The theory is quite simple. The Bandwidth delay product states that:
Bandwidth * Delay = Maximum data in travel
That is, the maximum amount of data non acknowledged at any given time has a maximum.
This is very important for satellite links, were there might be enough bandwidth, but the delay greatly limits the amount of bandwidth that can be used.
TCP was not thought with satellite links in mind, and had a maximum receiving window of only 2^16 bytes. By the bandwidth delay product, this means that we were limited to 116 KB/s when using geo stationary satellite links.
This was not very good, so a TCP option was introduced to lift the limitation by shifting the receiving window up to 14 times, bringing the total data in transit closer to 2^30, and thus the total usable bandwidth of the TCP connection was around 1.8GB/s.
In Fenrir we don’t specify the receiving window per each stream in every packet, as that is handled in the control stream.
The default maximum counter in the stream is 2^30 bytes.

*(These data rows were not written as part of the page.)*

Section LorentzianParacontactTensors.
Variables (R : realType) (d : nat) (eps : R) (G Phi : 'M[R]_d).
Variables (xi : 'rV[R]_d) (eta : 'rV[R]_d -> R).
Hypotheses (eps_sign : eps = 1 \/ eps = -1) (G_index1 : has_index G 1).
Hypothesis Phi_sqr : forall X, X *m Phi *m Phi = eps *: X + eta X *: xi.
Hypothesis bil_Phi :
  forall X Y, bil G (X *m Phi) (Y *m Phi) = bil G X Y + eta X * eta Y.
Hypotheses (etaE : forall X, eta X = eps * bil G X xi) (eta_xi : eta xi = - eps).

Lemma eps_sqr : eps * eps = 1.
Proof. by case: eps_sign => ->; rewrite ?mulr1 ?mulrNN ?mulr1. Qed.

Lemma bil_xi_xi : bil G xi xi = -1.
Proof.
have := congr1 (GRing.mul eps) eta_xi.
by rewrite etaE mulrA eps_sqr mul1r mulrN eps_sqr.
Qed.

Lemma xi_neq0 : xi != 0.
Proof.
by apply: contra_eq_neq bil_xi_xi => ->; rewrite bil0l eq_sym oppr_eq0 oner_eq0.
Qed.

Lemma ker_PhiE X : X *m Phi = 0 -> X = - (eps * eta X) *: xi.
Proof.
move=> XPhi; have := congr1 (GRing.scale eps) (Phi_sqr X).
rewrite XPhi mul0mx scaler0 scalerDr scalerA eps_sqr scale1r scalerA.
by move/esym/eqP; rewrite addr_eq0 scaleNr => /eqP.
Qed.

Lemma Phi_xi : xi *m Phi = 0.
Proof.
set z := xi *m Phi.
have zPhi : z *m Phi = 0 by rewrite Phi_sqr eta_xi scaleNr subrr.
have /eqP := zPhi; rewrite {1}(ker_PhiE zPhi) -scalemxAl scaler_eq0.
by case/orP=> /eqP // c0; rewrite (ker_PhiE zPhi) c0 scale0r.
Qed.

Lemma eta_Phi X : eta (X *m Phi) = 0.
Proof.
have : X *m Phi *m Phi *m Phi = eps *: (X *m Phi).
  by rewrite (Phi_sqr X) mulmxDl -!scalemxAl Phi_xi scaler0 addr0.
rewrite Phi_sqr => /eqP; rewrite addrC -subr_eq0 addrK scaler_eq0.
by rewrite (negPf xi_neq0) orbF => /eqP.
Qed.
(* For every integer $s\ge3$, $F_{s,4}(x)=\frac{1}{(s-1)!}\bigl(x^2-(6s-1)x+6s^2\bigr)\prod_{p=4}^{s}(x-p)$ (an empty product equals $1$).
   Context: For an integer $j\ge0$, $\binom{x}{j}=x(x-1)\cdots(x-j+1)/j!$ as a polynomial in $x$, and $\binom{x}{j}=0$ for $j<0$. For integers $s\ge1$, $k\ge1$, the Moser polynomial is $F_{s,k}(x)=\sum_{p=1}^{s}(-1)^{p-1}p^{k-1}\binom{x}{s-p}$. *)

From HB Require Import structures.
From mathcomp Require Import all_boot all_order all_algebra.
Set Implicit Arguments. Unset Strict Implicit. Unset Printing Implicit Defensive.
Import Order.TTheory GRing.Theory Num.Theory.
Local Open Scope ring_scope.

Definition binomPoly (j : nat) : {poly rat} :=
  (j`!%:R)^-1 *: \prod_(i < j) ('X - (i%:R)%:P).

Definition binomPolyZ (j : int) : {poly rat} :=
  match j with
  | Posz n => binomPoly n
  | Negz _ => 0
  end.

(* Moser polynomial F_{s,k}(x) = sum_{p=1}^{s} (-1)^(p-1) p^(k-1) binom(x, s-p) *)
Definition moserPoly (s k : nat) : {poly rat} :=
  \sum_(1 <= p < s.+1)
     ((-1) ^+ (p.-1) * (p%:R) ^+ (k.-1)) *: binomPolyZ (s%:Z - p%:Z).

From HB Require Import structures.
From mathcomp Require Import all_boot all_order all_algebra.
From mathcomp Require Import ring.
Import Order.TTheory GRing.Theory Num.Theory.
Local Open Scope ring_scope.

(* Both sides are polynomials, so it suffices to compare them at every
   natural number n. There F_{s,k}(n) = sum_p (-1)^(p-1) p^(k-1) C(n, s-p),
   which by Pascal's rule satisfies V(n+1, s+1) = V(n, s+1) + V(n, s), with
   V(0, s) = (-1)^(s-1) s^(k-1). For k = 4 the claimed closed form obeys the
   same recurrence and the same boundary values at n = 0 and at s = 3, so the
   two agree by induction on n. *)

Lemma poly_eq_on_nat (R : numDomainType) (p q : {poly R}) :
  (forall n : nat, p.[n%:R] = q.[n%:R]) -> p = q.
Proof.
move=> epq; apply/eqP; rewrite -subr_eq0; apply/eqP.
apply: (@roots_geq_poly_eq0 _ _ [seq i%:R | i <- iota 0 (size (p - q))]).
- by apply/allP => x /mapP [i _ ->]; rewrite /root hornerD hornerN epq subrr.
- by rewrite map_inj_uniq ?iota_uniq // => a b /eqP; rewrite eqr_nat => /eqP.
- by rewrite size_map size_iota.
Qed.

Lemma prod_natrB_bin (n j : nat) :
  \prod_(i < j) ((n%:R : rat) - i%:R) = ('C(n, j) * j`!)%:R.
Proof.
elim: j => [|j IHj]; first by rewrite big_ord0 bin0.
rewrite big_ord_recr /= IHj factS.
have -> : ('C(n, j.+1) * (j.+1 * j`!))%N = ((n - j) * 'C(n, j) * j`!)%N.
  by rewrite mulnA (mulnC _ j.+1) mul_bin_left.
have [le_jn | lt_nj] := leqP j n; first by rewrite !natrM natrB // mulrC mulrA.
by rewrite bin_small // !mul0n muln0 mul0r.
Qed.

Lemma binomPoly_horner_nat (j n : nat) : (binomPoly j).[n%:R] = 'C(n, j)%:R.
Proof.
rewrite /binomPoly hornerZ horner_prod.
under eq_bigr => i _ do rewrite hornerXsubC.
rewrite prod_natrB_bin natrM mulrC -mulrA mulfV ?mulr1 //.
by rewrite pnatr_eq0 -lt0n fact_gt0.
Qed.

Definition moserCoef (k p : nat) : rat := (-1) ^+ p.-1 * p%:R ^+ k.-1.

Definition moserVal (k n s : nat) : rat :=
  \sum_(1 <= p < s.+1) moserCoef k p * 'C(n, s - p)%:R.

Lemma moserPoly_horner_nat (k s n : nat) :
  (moserPoly s k).[n%:R] = moserVal k n s.
Proof.
rewrite /moserPoly horner_sum; apply: eq_big_nat => p /andP [_ lt_ps].
by rewrite subzn // hornerZ /= binomPoly_horner_nat.
Qed.

Lemma moserVal_pascal (k n s : nat) :
  moserVal k n.+1 s.+1 = moserVal k n s.+1 + moserVal k n s.
Proof.
rewrite /moserVal big_nat_recr //= [X in _ = X + _]big_nat_recr //= subnn !bin0.
rewrite [RHS]addrAC -big_split /=; congr (_ + _).
apply: eq_big_nat => p /andP [_ lt_ps].
by rewrite subSn // binS natrD mulrDr.
Qed.

Lemma moserVal0n (k s : nat) : (0 < s)%N -> moserVal k 0 s = moserCoef k s.
Proof.
case: s => // s _; rewrite /moserVal big_nat_recr //= subnn bin0 mulr1.
rewrite big1_seq ?add0r // => p /andP [_]; rewrite mem_index_iota => /andP [_ lt_ps].
by rewrite subSn // bin0n mulr0.
Qed.

Definition moser4Closed (n s : nat) : rat :=
  ((s.-1)`!%:R)^-1 * ((n%:R ^+ 2 - (6 * s%:R - 1) * n%:R + 6 * s%:R ^+ 2)
                      * \prod_(4 <= p < s.+1) (n%:R - p%:R)).

Lemma moser4Closed_pascal (n k : nat) :
  moser4Closed n.+1 k.+4 = moser4Closed n k.+4 + moser4Closed n k.+3.
Proof.
rewrite /moser4Closed /= (big_nat_recl _ _ _ (_ : 4 <= k.+4)%N) //.
rewrite (big_nat_recr _ _ _ (_ : 4 <= k.+4)%N) //=.
rewrite (eq_bigr (fun p => (n%:R : rat) - p%:R)); last first.
  by move=> p _; rewrite -[p.+1%:R]natr1 -[n.+1%:R]natr1; ring.
set P := \prod_(_ <= _ < _) _.
have fact_neq0 : ((k.+2)`!%:R : rat) != 0 by rewrite pnatr_eq0 -lt0n fact_gt0.
have k3_neq0 : (k%:R + 1 + 1 + 1 : rat) != 0 by rewrite !natr1 pnatr_eq0.
rewrite factS natrM -!natr1; field.
by rewrite fact_neq0 k3_neq0.
Qed.

Lemma prod_opp_natr_from4 (k : nat) :
  6 * \prod_(4 <= p < k.+4) (0 - p%:R) = (-1) ^+ k.+2 * (k.+3)`!%:R :> rat.
Proof.
elim: k => [|k IHk]; first by rewrite big_geq // mulr1 /= expr2 mulrN1 opprK mul1r.
rewrite big_nat_recr //= mulrA IHk [(k.+4)`!]factS natrM !exprS -!natr1; ring.
Qed.

Lemma moser4Closed0n (s : nat) : (3 <= s)%N -> moser4Closed 0 s = moserCoef 4 s.
Proof.
case: s => [|[|[|k]]] // _; rewrite /moser4Closed /moserCoef /=.
have := prod_opp_natr_from4 k; set P := \prod_(_ <= _ < _) _ => eP.
have -> : P = 6^-1 * ((-1) ^+ k.+2 * (k.+3)`!%:R).
  by rewrite -eP mulrA mulVf ?mul1r.
have fact_neq0 : ((k.+2)`!%:R : rat) != 0 by rewrite pnatr_eq0 -lt0n fact_gt0.
by rewrite [(k.+3)`!]factS natrM; field.
Qed.

Lemma moserVal4n3 (n : nat) : moserVal 4 n 3 = moser4Closed n 3.
Proof.
have bin2E : 'C(n, 2)%:R = 2^-1 * ((n%:R : rat) * (n%:R - 1)).
  apply: (canRL (mulKf _)) => //; elim: n => [|n IHn]; first by rewrite mulr0 mul0r.
  by rewrite binS bin1 natrD mulrDr IHn -natr1; ring.
rewrite /moserVal /moser4Closed /moserCoef.
rewrite big_nat_recr //= big_nat_recr //= big_nat1 big_geq // bin1 bin0 bin2E.
by rewrite (_ : 2`! = 2)%N //; field.
Qed.

Lemma moserVal4E (n s : nat) : (3 <= s)%N -> moserVal 4 n s = moser4Closed n s.
Proof.
elim: n s => [|n IHn] s le3s.
  by rewrite moserVal0n ?moser4Closed0n // (leq_trans _ le3s).
case: s le3s => [|[|[|[|k]]]] // le3s; first exact: moserVal4n3.
by rewrite moserVal_pascal moser4Closed_pascal !IHn.
Qed.

Theorem mainTheorem7 (s : nat) (hs : (3 <= s)%N) :
  moserPoly s 4 =
    ((s.-1)`!%:R)^-1 *:
      (('X ^+ 2 - (6 * s - 1)%:R *: 'X + (6 * s ^ 2)%:R%:P)
       * \prod_(4 <= p < s.+1) ('X - (p%:R)%:P)).
Proof.
apply: poly_eq_on_nat => n.
rewrite moserPoly_horner_nat moserVal4E // /moser4Closed.
rewrite hornerZ hornerM horner_prod !hornerE.
under [in RHS]eq_bigr do rewrite hornerXsubC.
rewrite natrB; last by rewrite muln_gt0; case: s hs.
by rewrite !natrM.
Qed.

That gives us a top speed of about 1.8 GB/s on a 550ms satellite link. That is slightly more than TCP, as we can use the full 30 bits instead of shifting the 16 bits, as that would force the 14 less significant bits to zero.
But we are not finished yet! TCP only has a single stream, but in Fenrir we actually have up to (2^16)-1 user streams that can transfer data concurrently, and all of this brings the maximum transfer speed of Fenrir to 116 TB/sec on a single connection.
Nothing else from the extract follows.